L’Italia incassa la prima sconfitta nella Division I di World Cup: gli azzurri cedono con la Spagna

di Andrea Addezio

Nell’incontro valevole per la seconda giornata del girone d’élite della Division I di World Cup l’Italia perde 16-12 contro la Spagna in un match deciso dal break operato dagli iberici nelle prime fasi del quarto parziale. Non cambia nulla di sostanziale nel cammino degli azzurri, già qualificati per Sydney, che torneranno in acqua domani per la sfida con l’Ungheria. Decisivo, con il suo ingresso in campo nella ripresa, Unai Aguirre.

Sandro Campagna, che lancia dal primo minuto Marco Del Lungo, continua la sistematica rotazione degli effettivi a propria disposizione: questa volta si accomodano in tribuna Vincenzo Dolce e Mario Del Basso.
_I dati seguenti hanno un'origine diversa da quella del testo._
(* Let $N\ge1$ and let $\xi_1<\dots<\xi_{N+1}$ be nodes in $[-1,1]$ with positive weights $w_1,\dots,w_{N+1}$ such that $\sum_i w_if(\xi_i)=\int_{-1}^1f\,d\xi$ for every polynomial $f$ of degree $\le 2N-1$ (e.g. Gauss–Lobatto–Legendre or Gauss–Legendre nodes). Let $\mathcal L_1,\dots,\mathcal L_{N+1}$ be the Lagrange polynomials of degree $N$ with $\mathcal L_j(\xi_i)=\delta_{ij}$. Define $(N+1)\times(N+1)$ matrices $W^N(a)=\mathrm{diag}(w_ja_j)$ for a vector $a=(a_j)$ of nodal values, $Q^N_{ij}=\sum_m w_m\mathcal L_i(\xi_m)\mathcal L_j'(\xi_m)$, and vectors $\boldsymbol e_1=(\mathcal L_j(-1))_j$, $\boldsymbol e_{N+1}=(\mathcal L_j(1))_j$. Partition $[0,L]$ into elements $[x_k,x_{k+1}]$, $k=1,\dots,K$, with $\Delta x_k=x_{k+1}-x_k>0$. On element $k$ let $\rho^k(\xi)=\sum_j\rho^k_j\mathcal L_j(\xi)$, $\mu^k(\xi)=\sum_j\mu^k_j\mathcal L_j(\xi)$ with $\rho^k_j,\mu^k_j>0$ and $\rho^k(\pm1),\mu^k(\pm1)>0$, and set $Z_s^k(\pm1)=\sqrt{\rho^k(\pm1)\mu^k(\pm1)}$. For unknowns $\boldsymbol v^k(t),\boldsymbol\sigma^k(t)\in\mathbb R^{N+1}$ let $v^k(\xi,t)=\sum_jv^k_j(t)\mathcal L_j(\xi)$, $\sigma^k(\xi,t)=\sum_j\sigma^k_j(t)\mathcal L_j(\xi)$. Fix $r_0,r_L\in[-1,1]$ and, for each interior interface between elements $k-1$ and $k$ ($2\le k\le K$), $\alpha^k\in[0,\infty]$. Define hat-variables: (i) left boundary of element $1$: $p_0=\frac12(Z_s^1(-1)v^1(-1,t)+\sigma^1(-1,t))$, $\widehat v^1(-1)=\frac{1+r_0}{Z_s^1(-1)}p_0$, $\widehat\sigma^1(-1)=(1-r_0)p_0$; (ii) right boundary of element $K$: $q_L=\frac12(Z_s^K(1)v^K(1,t)-\sigma^K(1,t))$, $\widehat v^K(1)=\frac{1+r_L}{Z_s^K(1)}q_L$, $\widehat\sigma^K(1)=-(1-r_L)q_L$; (iii) interface between elements $k-1$ and $k$: with $Z^-=Z_s^{k-1}(1)$, $Z^+=Z_s^k(-1)$, $q^-=\frac12(Z^-v^{k-1}(1,t)-\sigma^{k-1}(1,t))$, $p^+=\frac12(Z^+v^k(-1,t)+\sigma^k(-1,t))$, $\eta^k=\frac{Z^-Z^+}{Z^-+Z^+}$, $\Phi^k=\eta^k(\frac2{Z^+}p^+-\frac2{Z^-}q^-)$, set $\widehat\sigma^k=\frac{\alpha^k}{\eta^k+\alpha^k}\Phi^k$ ($=\Phi^k$ if $\alpha^k=\infty$), $\widehat\sigma^{k-1}(1)=\widehat\sigma^k(-1)=\widehat\sigma^k$, $\widehat v^{k-1}(1)=\frac{2q^-+\widehat\sigma^k}{Z^-}$, $\widehat v^k(-1)=\frac{2p^+-\widehat\sigma^k}{Z^+}$. Let $F^k(-1,t)=\frac{Z_s^k(-1)}{2}(v^k(-1,t)-\widehat v^k(-1))-\frac12(\sigma^k(-1,t)-\widehat\sigma^k(-1))$ and $G^k(1,t)=\frac{Z_s^k(1)}{2}(v^k(1,t)-\widehat v^k(1))+\frac12(\sigma^k(1,t)-\widehat\sigma^k(1))$. Suppose $(\boldsymbol v^k,\boldsymbol\sigma^k)_{k=1}^K$ are differentiable and satisfy, for all $k$, $$\frac{\Delta x_k}{2}W^N(\rho^k)\frac{d\boldsymbol v^k}{dt}=Q^N\boldsymbol\sigma^k-\boldsymbol e_1F^k(-1,t)-\boldsymbol e_{N+1}G^k(1,t),$$ $$\frac{\Delta x_k}{2}W^N(1/\mu^k)\frac{d\boldsymbol\sigma^k}{dt}=Q^N\boldsymbol v^k+\boldsymbol e_1\frac{F^k(-1,t)}{Z_s^k(-1)}-\boldsymbol e_{N+1}\frac{G^k(1,t)}{Z_s^k(1)},$$ where $W^N(\rho^k)=\mathrm{diag}(w_j\rho^k_j)$ and $W^N(1/\mu^k)=\mathrm{diag}(w_j/\mu^k_j)$. Define $\mathcal E(t)=\sum_{k=1}^K\frac{\Delta x_k}{2}\sum_{j=1}^{N+1}\frac{w_j}{2}\big(\rho^k_j|v^k_j|^2+\frac{1}{\mu^k_j}|\sigma^k_j|^2\big)$. Then $$\frac{d\mathcal E}{dt}=-\sum_{k=1}^K\Big(\frac{|F^k(-1,t)|^2}{Z_s^k(-1)}+\frac{|G^k(1,t)|^2}{Z_s^k(1)}\Big)-\sum_{k=2}^K\frac{\alpha^k}{(\eta^k+\alpha^k)^2}|\Phi^k|^2-\frac{1-r_0^2}{Z_s^1(-1)}p_0^2-\frac{1-r_L^2}{Z_s^K(1)}q_L^2,$$ where the $k$-th friction term is $0$ when $\alpha^k=\infty$. In particular $\frac{d\mathcal E}{dt}\le0$ for every mesh (asymptotic stability).
   Context: This is the nodal discontinuous Galerkin semi-discretization of the 1D elastic wave equation $\rho\partial_tv=\partial_x\sigma$, $\frac1\mu\partial_t\sigma=\partial_xv$ on $[0,L]$, each element mapped to $[-1,1]$ by $x=x_k+\frac{\Delta x_k}{2}(1+\xi)$. Element faces are coupled through frictional interface conditions (force balance plus $\widehat\sigma=\alpha[\![\widehat v]\!]$, $\alpha=\infty$ meaning a locked interface) and the external boundaries through $\frac{Z_s}{2}(1-r)v\mp\frac{1+r}{2}\sigma=0$ with reflection coefficients $r_0$ (at $x=0$) and $r_L$ (at $x=L$). The hat-variables are computed from the polynomial traces at $\xi=\pm1$. *)

From Stdlib Require Import Reals Lra Lia Arith.
Open Scope R_scope.

Fixpoint sumR (n : nat) (f : nat -> R) : R :=
  match n with O => 0 | S n' => sumR n' f + f n' end.

Fixpoint prodR (n : nat) (f : nat -> R) : R :=
  match n with O => 1 | S n' => prodR n' f * f n' end.

(* Nodes are indexed 0..N (the paper's 1..N+1); elements 0..K-1 (paper's 1..K). *)

Definition lag (xi : nat -> R) (N j : nat) (x : R) : R :=
  prodR (S N) (fun m => if Nat.eqb m j then 1 else (x - xi m) / (xi j - xi m)).

Definition interp (xi : nat -> R) (N : nat) (c : nat -> R) (x : R) : R :=
  sumR (S N) (fun j => c j * lag xi N j x).

(* Q^N_{ij} = sum_m w_m L_i(xi_m) L_j'(xi_m), with Lp j the derivative of L_j *)
Definition QN (xi w : nat -> R) (N : nat) (Lp : nat -> R -> R) (i j : nat) : R :=
  sumR (S N) (fun m => w m * lag xi N i (xi m) * Lp j (xi m)).

(* Interface friction parameter alpha in [0, infinity]: None = infinity (locked). *)

Section Fluxes.
Variables (xi : nat -> R) (N K : nat) (rho mu : nat -> nat -> R)
          (r0 rL : R) (alpha : nat -> option R).
(* State at a fixed time: V k j = v^k_j(t), S k j = sigma^k_j(t). *)
Variables (V Sg : nat -> nat -> R).

Definition Zs (k : nat) (s : R) : R :=
  sqrt (interp xi N (rho k) s * interp xi N (mu k) s).

Definition vtr (k : nat) (s : R) : R := interp xi N (V k) s.
Definition str (k : nat) (s : R) : R := interp xi N (Sg k) s.

Definition p0 : R := / 2 * (Zs 0 (-1) * vtr 0 (-1) + str 0 (-1)).
Definition qL : R := / 2 * (Zs (K - 1) 1 * vtr (K - 1) 1 - str (K - 1) 1).

(* interface k, between elements k-1 and k (1 <= k <= K-1) *)
Definition Zm (k : nat) : R := Zs (k - 1) 1.
Definition Zp (k : nat) : R := Zs k (-1).
Definition qm (k : nat) : R := / 2 * (Zm k * vtr (k - 1) 1 - str (k - 1) 1).
Definition pp (k : nat) : R := / 2 * (Zp k * vtr k (-1) + str k (-1)).
Definition eta (k : nat) : R := Zm k * Zp k / (Zm k + Zp k).
Definition Phi (k : nat) : R := eta k * (2 / Zp k * pp k - 2 / Zm k * qm k).
Definition sighat (k : nat) : R :=
  match alpha k with Some a => a / (eta k + a) * Phi k | None => Phi k end.
Definition fric (k : nat) : R :=
  match alpha k with Some a => a / (eta k + a) ^ 2 * (Phi k) ^ 2 | None => 0 end.

(* hat variables at xi = -1 (L) and xi = 1 (R) of element k *)
Definition vhatL (k : nat) : R :=
  if Nat.eqb k 0 then (1 + r0) / Zs 0 (-1) * p0
  else (2 * pp k - sighat k) / Zp k.
Definition shatL (k : nat) : R :=
  if Nat.eqb k 0 then (1 - r0) * p0 else sighat k.
Definition vhatR (k : nat) : R :=
  if Nat.eqb k (K - 1) then (1 + rL) / Zs (K - 1) 1 * qL
  else (2 * qm (S k) + sighat (S k)) / Zm (S k).
Definition shatR (k : nat) : R :=
  if Nat.eqb k (K - 1) then - ((1 - rL) * qL) else sighat (S k).

Definition Fm (k : nat) : R :=
  Zs k (-1) / 2 * (vtr k (-1) - vhatL k) - / 2 * (str k (-1) - shatL k).
Definition Gp (k : nat) : R :=
  Zs k 1 / 2 * (vtr k 1 - vhatR k) + / 2 * (str k 1 - shatR k).

End Fluxes.

Definition energy (N K : nat) (w x : nat -> R) (rho mu : nat -> nat -> R)
  (V Sg : nat -> nat -> R) : R :=
  sumR K (fun k => (x (S k) - x k) / 2 *
    sumR (S N) (fun j => w j / 2 *
      (rho k j * (V k j) ^ 2 + / mu k j * (Sg k j) ^ 2))).

From Stdlib Require Import Reals Lra Lia FunctionalExtensionality.
From Coquelicot Require Coquelicot.
Open Scope R_scope.

(* Exactness of the quadrature in degree 2N - 1 makes Q^N a summation-by-parts operator:
   a^T Q^N b + b^T Q^N a = A(1) B(1) - A(-1) B(-1) for the interpolants A, B of a, b.
   Hence in the energy rate of each element the volume terms collapse to the traces
   v sigma at its faces, and the rate of the whole mesh is a sum of contributions of the
   two outer boundaries and of the interfaces. The hat variables are built so that each
   such contribution is, by direct algebra, minus the squared penalties F, G weighted by
   1/Z_s, minus the friction term alpha/(eta + alpha)^2 Phi^2 at an interface, and minus
   the reflection term (1 - r^2)/Z_s p^2 at a boundary. *)

Lemma sumR_ext n f g : (forall i, (i < n)%nat -> f i = g i) -> sumR n f = sumR n g.
Proof.
induction n as [|n IH]; intros Hfg; simpl; [reflexivity|].
rewrite IH, Hfg; [reflexivity|lia|intros; apply Hfg; lia].
Qed.

Lemma sumR_add n f g : sumR n (fun i => f i + g i) = sumR n f + sumR n g.
Proof. induction n as [|n IH]; simpl; [ring|rewrite IH; ring]. Qed.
Sul versante opposto Martin schiera Lorrio al posto di Aguirre.

La formazione in calottina bianca apre le ostilità con la transizione vincente di Cassia per l’1-0. Valera fredda l’estremo italiano con il prepotente diagonale da posizione due per l’1-1. Sanahuja timbra il 2-1 siglato ancora dalla mano sbagliata, ma Balzarini trova la rasoiata, su uomo in più, del 2-2. Nel finale gli iberici rompono l’equilibrio iniziale: Valera apre il devastante break di 4-0 dei suoi con il perentorio lungolinea, Granados lo chiude con la chirurgica diagonale del 6-2 di fine primo periodo.

La seconda frazione si apre con la sassata scagliata da Iocchi Gratta per il 6-3. Granados, glaciale dai cinque metri, replica al compagno di squadra per il 7-3 e lo scatenato Valera regala ai suoi il massimo vantaggio con l’8-3. La rappresentativa tricolore si affida all’uomo in più per rientrare: l’ottima circolazione di palla libera in posizione quattro Cassia, pronto a freddare il portiere rivale per l’8-4; Bruni imita il compagno poco dopo per il punto dell’8-5. Ferrero trasforma, con la bomba lungolinea, il rigore dell’8-6, penalty concesso dal duo arbitrale dopo revisione al VAR, e ancora lo scatenato Cassia, su assist al bacio del suo numero cinque, arriva a rimorchio per insaccare l’8-7. Sanahuja riesce a trovare il varco del 9-7 per perforare una difesa italiana ben protetta dalla crescita di rendimento di Del Lungo e dalle braccia ben protese dei vari giocatori.

Il VAR è ancora azzurro e Ferrero non si fa pregare per trafiggere Aguirre, subentrato a Lorrio, con il rigore del 9-8. Del Lungo è mastodontico nel murare Valls in uno contro zero, stronca anche Valera e si ripete, poco dopo, sulla nuova superiorità avversaria. Biel ritrova il gol per i suoi con il perentorio alzo e tiro del 10-8, ma gli azzurri ribattono: Guerrato sblocca un attacco che sembrava essersi assopito con il siluro dalla distanza del 10-9 che spedisce le due contendenti all’ultima pausa.

Valls, dai sei metri, e Granados griffano l’allungo iberico per il 12-9. L’Italia non molla però la presa e torna sotto con Balzarini e Bruni, splendida la beduina del 13-11. Carnesecchi brucia Aguirre in mezzo alle mani per il nuovo -1, ma Granados, dopo il challenger vinto dal suo allenatore, insacca il 14-12 dai cinque metri prima che Unai Biel, in superiorità, trafigga Del Lungo per il 15-12 con una conclusione che s’insacca tra palo e portiere. Nel convulso finale Valls, in ripartenza, chiude i conti per il 16-12.